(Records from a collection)
________________________________________

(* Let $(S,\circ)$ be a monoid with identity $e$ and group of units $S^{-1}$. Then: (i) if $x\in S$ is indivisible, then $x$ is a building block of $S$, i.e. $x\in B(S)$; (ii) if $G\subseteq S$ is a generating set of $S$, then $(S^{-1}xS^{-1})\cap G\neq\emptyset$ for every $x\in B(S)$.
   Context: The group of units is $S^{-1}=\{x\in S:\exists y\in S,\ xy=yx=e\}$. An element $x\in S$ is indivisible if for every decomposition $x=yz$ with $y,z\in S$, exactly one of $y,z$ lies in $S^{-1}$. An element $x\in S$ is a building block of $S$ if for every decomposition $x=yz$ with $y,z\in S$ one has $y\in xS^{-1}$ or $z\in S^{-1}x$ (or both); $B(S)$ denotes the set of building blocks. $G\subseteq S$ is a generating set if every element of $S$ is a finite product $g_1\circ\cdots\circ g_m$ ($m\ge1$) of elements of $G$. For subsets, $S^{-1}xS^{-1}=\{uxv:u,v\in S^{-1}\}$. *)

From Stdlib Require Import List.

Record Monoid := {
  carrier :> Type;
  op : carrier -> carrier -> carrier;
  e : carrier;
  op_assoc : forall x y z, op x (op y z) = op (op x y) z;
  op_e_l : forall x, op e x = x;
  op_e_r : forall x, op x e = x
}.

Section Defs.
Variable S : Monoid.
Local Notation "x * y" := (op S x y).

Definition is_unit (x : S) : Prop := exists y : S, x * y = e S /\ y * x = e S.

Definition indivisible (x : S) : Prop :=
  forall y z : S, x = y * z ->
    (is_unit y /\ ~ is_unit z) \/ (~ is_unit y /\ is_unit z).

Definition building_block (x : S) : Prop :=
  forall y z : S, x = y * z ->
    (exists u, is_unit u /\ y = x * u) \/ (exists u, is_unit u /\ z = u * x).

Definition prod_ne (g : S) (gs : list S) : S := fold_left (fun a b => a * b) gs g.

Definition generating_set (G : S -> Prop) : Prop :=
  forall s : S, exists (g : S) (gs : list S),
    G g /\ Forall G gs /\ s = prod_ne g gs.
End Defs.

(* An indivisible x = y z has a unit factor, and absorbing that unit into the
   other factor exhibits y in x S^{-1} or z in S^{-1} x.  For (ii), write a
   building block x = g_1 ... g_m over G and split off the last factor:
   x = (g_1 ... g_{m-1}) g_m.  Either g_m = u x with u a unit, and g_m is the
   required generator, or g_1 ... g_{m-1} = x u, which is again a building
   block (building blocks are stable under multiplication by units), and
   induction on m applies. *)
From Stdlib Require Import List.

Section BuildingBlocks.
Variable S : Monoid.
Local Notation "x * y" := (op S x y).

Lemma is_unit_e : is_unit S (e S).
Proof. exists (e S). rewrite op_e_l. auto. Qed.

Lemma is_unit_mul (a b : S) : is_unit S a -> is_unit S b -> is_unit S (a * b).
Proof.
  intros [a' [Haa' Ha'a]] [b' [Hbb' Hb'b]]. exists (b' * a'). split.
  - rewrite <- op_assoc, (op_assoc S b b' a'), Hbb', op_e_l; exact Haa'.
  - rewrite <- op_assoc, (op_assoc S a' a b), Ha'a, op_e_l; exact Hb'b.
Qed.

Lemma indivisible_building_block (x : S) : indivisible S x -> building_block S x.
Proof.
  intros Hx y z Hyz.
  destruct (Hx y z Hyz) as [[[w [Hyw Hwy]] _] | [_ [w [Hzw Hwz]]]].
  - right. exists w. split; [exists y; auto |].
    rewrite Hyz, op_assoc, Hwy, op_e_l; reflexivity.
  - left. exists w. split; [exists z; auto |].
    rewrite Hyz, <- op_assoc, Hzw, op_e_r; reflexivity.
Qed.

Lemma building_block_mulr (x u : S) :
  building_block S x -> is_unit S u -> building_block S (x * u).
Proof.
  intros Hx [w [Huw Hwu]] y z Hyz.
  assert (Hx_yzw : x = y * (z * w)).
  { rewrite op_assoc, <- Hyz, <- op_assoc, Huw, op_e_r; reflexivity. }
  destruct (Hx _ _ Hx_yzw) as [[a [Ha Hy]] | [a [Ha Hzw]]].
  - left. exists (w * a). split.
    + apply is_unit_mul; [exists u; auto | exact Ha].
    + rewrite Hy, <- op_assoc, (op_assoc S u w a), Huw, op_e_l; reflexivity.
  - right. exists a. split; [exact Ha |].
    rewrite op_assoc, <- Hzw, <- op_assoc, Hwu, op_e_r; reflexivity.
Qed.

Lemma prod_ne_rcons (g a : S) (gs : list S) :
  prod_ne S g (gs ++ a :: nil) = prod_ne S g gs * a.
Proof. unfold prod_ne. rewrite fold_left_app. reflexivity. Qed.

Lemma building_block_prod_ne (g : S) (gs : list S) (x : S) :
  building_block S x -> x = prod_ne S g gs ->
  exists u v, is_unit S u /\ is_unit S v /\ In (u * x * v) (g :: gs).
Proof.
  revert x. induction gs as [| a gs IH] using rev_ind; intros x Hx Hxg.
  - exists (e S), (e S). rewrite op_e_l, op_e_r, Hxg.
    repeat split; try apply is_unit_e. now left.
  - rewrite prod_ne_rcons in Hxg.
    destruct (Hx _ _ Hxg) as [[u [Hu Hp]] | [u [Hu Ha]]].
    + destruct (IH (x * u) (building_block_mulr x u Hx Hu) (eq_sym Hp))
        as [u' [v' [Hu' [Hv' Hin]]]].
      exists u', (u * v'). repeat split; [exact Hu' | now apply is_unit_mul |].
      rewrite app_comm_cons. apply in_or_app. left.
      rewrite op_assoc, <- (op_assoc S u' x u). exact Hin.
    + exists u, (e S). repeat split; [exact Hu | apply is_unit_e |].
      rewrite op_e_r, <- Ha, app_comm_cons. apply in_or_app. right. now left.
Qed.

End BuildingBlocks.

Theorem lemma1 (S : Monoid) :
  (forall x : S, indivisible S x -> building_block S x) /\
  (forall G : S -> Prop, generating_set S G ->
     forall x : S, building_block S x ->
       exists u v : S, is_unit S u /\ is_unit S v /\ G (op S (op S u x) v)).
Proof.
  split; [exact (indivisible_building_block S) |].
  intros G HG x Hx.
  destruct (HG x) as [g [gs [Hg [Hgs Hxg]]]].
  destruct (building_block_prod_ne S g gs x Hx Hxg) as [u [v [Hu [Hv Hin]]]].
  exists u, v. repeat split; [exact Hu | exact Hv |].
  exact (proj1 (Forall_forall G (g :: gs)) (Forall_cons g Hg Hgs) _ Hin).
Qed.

________________________________________

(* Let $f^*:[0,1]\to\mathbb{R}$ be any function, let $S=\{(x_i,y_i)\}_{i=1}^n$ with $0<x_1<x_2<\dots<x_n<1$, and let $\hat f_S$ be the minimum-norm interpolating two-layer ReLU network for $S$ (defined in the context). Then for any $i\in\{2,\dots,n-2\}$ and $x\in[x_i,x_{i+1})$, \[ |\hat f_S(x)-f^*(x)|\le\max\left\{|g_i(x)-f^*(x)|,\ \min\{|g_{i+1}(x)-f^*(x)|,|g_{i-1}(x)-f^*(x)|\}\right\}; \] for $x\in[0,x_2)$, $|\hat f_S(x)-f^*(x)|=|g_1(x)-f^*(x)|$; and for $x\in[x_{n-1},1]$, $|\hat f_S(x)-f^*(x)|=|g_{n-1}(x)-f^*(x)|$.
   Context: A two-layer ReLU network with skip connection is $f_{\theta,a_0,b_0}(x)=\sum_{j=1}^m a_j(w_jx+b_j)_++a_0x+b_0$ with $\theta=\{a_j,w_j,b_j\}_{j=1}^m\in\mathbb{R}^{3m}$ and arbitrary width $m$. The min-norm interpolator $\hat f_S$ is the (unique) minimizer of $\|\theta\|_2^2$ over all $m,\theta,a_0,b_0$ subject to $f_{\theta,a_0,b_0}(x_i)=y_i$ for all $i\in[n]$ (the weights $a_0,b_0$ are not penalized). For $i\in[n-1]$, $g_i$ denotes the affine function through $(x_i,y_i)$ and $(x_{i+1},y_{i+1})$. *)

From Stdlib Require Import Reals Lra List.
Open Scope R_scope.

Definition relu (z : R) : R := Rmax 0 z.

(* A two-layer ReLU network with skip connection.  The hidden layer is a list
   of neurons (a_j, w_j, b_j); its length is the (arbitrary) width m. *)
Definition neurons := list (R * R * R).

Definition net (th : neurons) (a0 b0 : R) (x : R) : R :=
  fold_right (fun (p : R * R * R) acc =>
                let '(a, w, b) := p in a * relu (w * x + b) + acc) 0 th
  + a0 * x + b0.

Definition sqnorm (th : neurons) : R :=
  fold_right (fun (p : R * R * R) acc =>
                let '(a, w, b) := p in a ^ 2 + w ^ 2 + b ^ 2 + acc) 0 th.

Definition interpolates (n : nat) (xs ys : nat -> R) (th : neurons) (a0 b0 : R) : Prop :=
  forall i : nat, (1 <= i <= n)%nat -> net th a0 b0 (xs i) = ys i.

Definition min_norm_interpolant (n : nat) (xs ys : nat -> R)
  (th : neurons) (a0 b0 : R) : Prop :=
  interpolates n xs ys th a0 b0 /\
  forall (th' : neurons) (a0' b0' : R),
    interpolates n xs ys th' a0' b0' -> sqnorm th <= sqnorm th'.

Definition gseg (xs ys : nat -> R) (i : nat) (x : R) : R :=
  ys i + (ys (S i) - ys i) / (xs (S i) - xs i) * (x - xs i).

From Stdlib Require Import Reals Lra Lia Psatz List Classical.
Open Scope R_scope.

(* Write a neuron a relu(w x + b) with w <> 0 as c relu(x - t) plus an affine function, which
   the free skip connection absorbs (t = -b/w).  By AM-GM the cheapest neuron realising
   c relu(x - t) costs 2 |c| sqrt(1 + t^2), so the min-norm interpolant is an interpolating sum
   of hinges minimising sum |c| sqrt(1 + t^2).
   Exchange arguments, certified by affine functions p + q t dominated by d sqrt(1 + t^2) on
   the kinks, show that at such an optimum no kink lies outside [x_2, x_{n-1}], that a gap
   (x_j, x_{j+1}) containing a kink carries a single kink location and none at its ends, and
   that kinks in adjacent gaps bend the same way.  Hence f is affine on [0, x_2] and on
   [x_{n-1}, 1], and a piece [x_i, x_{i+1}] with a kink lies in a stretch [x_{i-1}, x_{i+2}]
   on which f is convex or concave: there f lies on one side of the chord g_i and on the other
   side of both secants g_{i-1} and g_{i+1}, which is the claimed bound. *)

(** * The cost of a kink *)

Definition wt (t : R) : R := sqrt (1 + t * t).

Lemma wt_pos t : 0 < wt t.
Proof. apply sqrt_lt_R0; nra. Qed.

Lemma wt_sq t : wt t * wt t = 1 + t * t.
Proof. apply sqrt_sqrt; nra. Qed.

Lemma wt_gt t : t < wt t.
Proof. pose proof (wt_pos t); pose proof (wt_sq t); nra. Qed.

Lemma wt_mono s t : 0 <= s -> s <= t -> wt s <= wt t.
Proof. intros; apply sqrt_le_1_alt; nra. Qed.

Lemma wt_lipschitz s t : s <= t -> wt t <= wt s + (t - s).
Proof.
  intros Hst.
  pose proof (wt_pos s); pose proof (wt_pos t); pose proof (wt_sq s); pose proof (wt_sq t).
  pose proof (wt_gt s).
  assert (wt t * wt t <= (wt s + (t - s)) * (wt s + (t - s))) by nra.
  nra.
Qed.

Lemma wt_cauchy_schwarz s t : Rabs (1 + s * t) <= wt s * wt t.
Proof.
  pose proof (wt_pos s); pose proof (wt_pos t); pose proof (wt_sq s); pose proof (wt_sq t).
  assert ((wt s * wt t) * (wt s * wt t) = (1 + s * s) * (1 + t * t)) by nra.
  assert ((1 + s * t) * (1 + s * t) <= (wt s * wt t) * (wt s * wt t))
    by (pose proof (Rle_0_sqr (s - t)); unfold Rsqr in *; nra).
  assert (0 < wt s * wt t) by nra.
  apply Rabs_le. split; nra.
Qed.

________________________________________

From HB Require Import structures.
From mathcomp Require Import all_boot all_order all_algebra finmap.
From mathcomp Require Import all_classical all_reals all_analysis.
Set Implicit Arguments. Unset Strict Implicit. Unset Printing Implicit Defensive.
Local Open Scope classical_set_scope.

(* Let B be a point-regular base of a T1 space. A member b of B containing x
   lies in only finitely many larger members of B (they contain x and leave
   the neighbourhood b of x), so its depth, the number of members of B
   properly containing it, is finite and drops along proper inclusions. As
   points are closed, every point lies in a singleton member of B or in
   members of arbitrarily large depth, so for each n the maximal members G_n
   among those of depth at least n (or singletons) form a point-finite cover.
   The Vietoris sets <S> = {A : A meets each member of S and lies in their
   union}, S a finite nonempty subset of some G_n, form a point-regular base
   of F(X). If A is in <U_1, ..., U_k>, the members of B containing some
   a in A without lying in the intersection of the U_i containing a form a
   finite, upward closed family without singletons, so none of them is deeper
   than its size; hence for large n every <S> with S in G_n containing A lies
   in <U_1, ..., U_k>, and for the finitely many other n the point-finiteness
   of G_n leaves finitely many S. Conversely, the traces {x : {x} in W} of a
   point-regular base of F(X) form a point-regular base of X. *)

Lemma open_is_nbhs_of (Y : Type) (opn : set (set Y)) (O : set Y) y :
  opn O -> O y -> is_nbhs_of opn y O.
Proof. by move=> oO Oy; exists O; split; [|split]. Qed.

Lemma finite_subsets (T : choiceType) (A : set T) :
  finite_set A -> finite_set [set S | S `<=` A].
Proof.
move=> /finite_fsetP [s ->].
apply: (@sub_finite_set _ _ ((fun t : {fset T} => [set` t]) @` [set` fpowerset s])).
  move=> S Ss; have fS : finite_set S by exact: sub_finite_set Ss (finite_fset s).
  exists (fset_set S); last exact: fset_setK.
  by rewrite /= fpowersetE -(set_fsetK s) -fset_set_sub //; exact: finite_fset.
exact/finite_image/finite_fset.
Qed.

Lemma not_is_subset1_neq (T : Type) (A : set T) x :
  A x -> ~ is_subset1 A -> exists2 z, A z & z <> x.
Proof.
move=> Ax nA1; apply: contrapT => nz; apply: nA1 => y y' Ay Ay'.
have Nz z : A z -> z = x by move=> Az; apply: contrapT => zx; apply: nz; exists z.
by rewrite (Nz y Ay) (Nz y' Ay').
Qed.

________________________________________

ABOUT THIS EXERCISE: Quote the data above from the line containing "(* Let $(S,\circ)$" to the line containing "required generator, or", inclusive, and stop.

WRITTEN SOLUTION:
(* Let $(S,\circ)$ be a monoid with identity $e$ and group of units $S^{-1}$. Then: (i) if $x\in S$ is indivisible, then $x$ is a building block of $S$, i.e. $x\in B(S)$; (ii) if $G\subseteq S$ is a generating set of $S$, then $(S^{-1}xS^{-1})\cap G\neq\emptyset$ for every $x\in B(S)$.
   Context: The group of units is $S^{-1}=\{x\in S:\exists y\in S,\ xy=yx=e\}$. An element $x\in S$ is indivisible if for every decomposition $x=yz$ with $y,z\in S$, exactly one of $y,z$ lies in $S^{-1}$. An element $x\in S$ is a building block of $S$ if for every decomposition $x=yz$ with $y,z\in S$ one has $y\in xS^{-1}$ or $z\in S^{-1}x$ (or both); $B(S)$ denotes the set of building blocks. $G\subseteq S$ is a generating set if every element of $S$ is a finite product $g_1\circ\cdots\circ g_m$ ($m\ge1$) of elements of $G$. For subsets, $S^{-1}xS^{-1}=\{uxv:u,v\in S^{-1}\}$. *)

From Stdlib Require Import List.

Record Monoid := {
  carrier :> Type;
  op : carrier -> carrier -> carrier;
  e : carrier;
  op_assoc : forall x y z, op x (op y z) = op (op x y) z;
  op_e_l : forall x, op e x = x;
  op_e_r : forall x, op x e = x
}.

Section Defs.
Variable S : Monoid.
Local Notation "x * y" := (op S x y).

Definition is_unit (x : S) : Prop := exists y : S, x * y = e S /\ y * x = e S.

Definition indivisible (x : S) : Prop :=
  forall y z : S, x = y * z ->
    (is_unit y /\ ~ is_unit z) \/ (~ is_unit y /\ is_unit z).

Definition building_block (x : S) : Prop :=
  forall y z : S, x = y * z ->
    (exists u, is_unit u /\ y = x * u) \/ (exists u, is_unit u /\ z = u * x).

Definition prod_ne (g : S) (gs : list S) : S := fold_left (fun a b => a * b) gs g.

Definition generating_set (G : S -> Prop) : Prop :=
  forall s : S, exists (g : S) (gs : list S),
    G g /\ Forall G gs /\ s = prod_ne g gs.
End Defs.

(* An indivisible x = y z has a unit factor, and absorbing that unit into the
   other factor exhibits y in x S^{-1} or z in S^{-1} x.  For (ii), write a
   building block x = g_1 ... g_m over G and split off the last factor:
   x = (g_1 ... g_{m-1}) g_m.  Either g_m = u x with u a unit, and g_m is the
   required generator, or g_1 ... g_{m-1} = x u, which is again a building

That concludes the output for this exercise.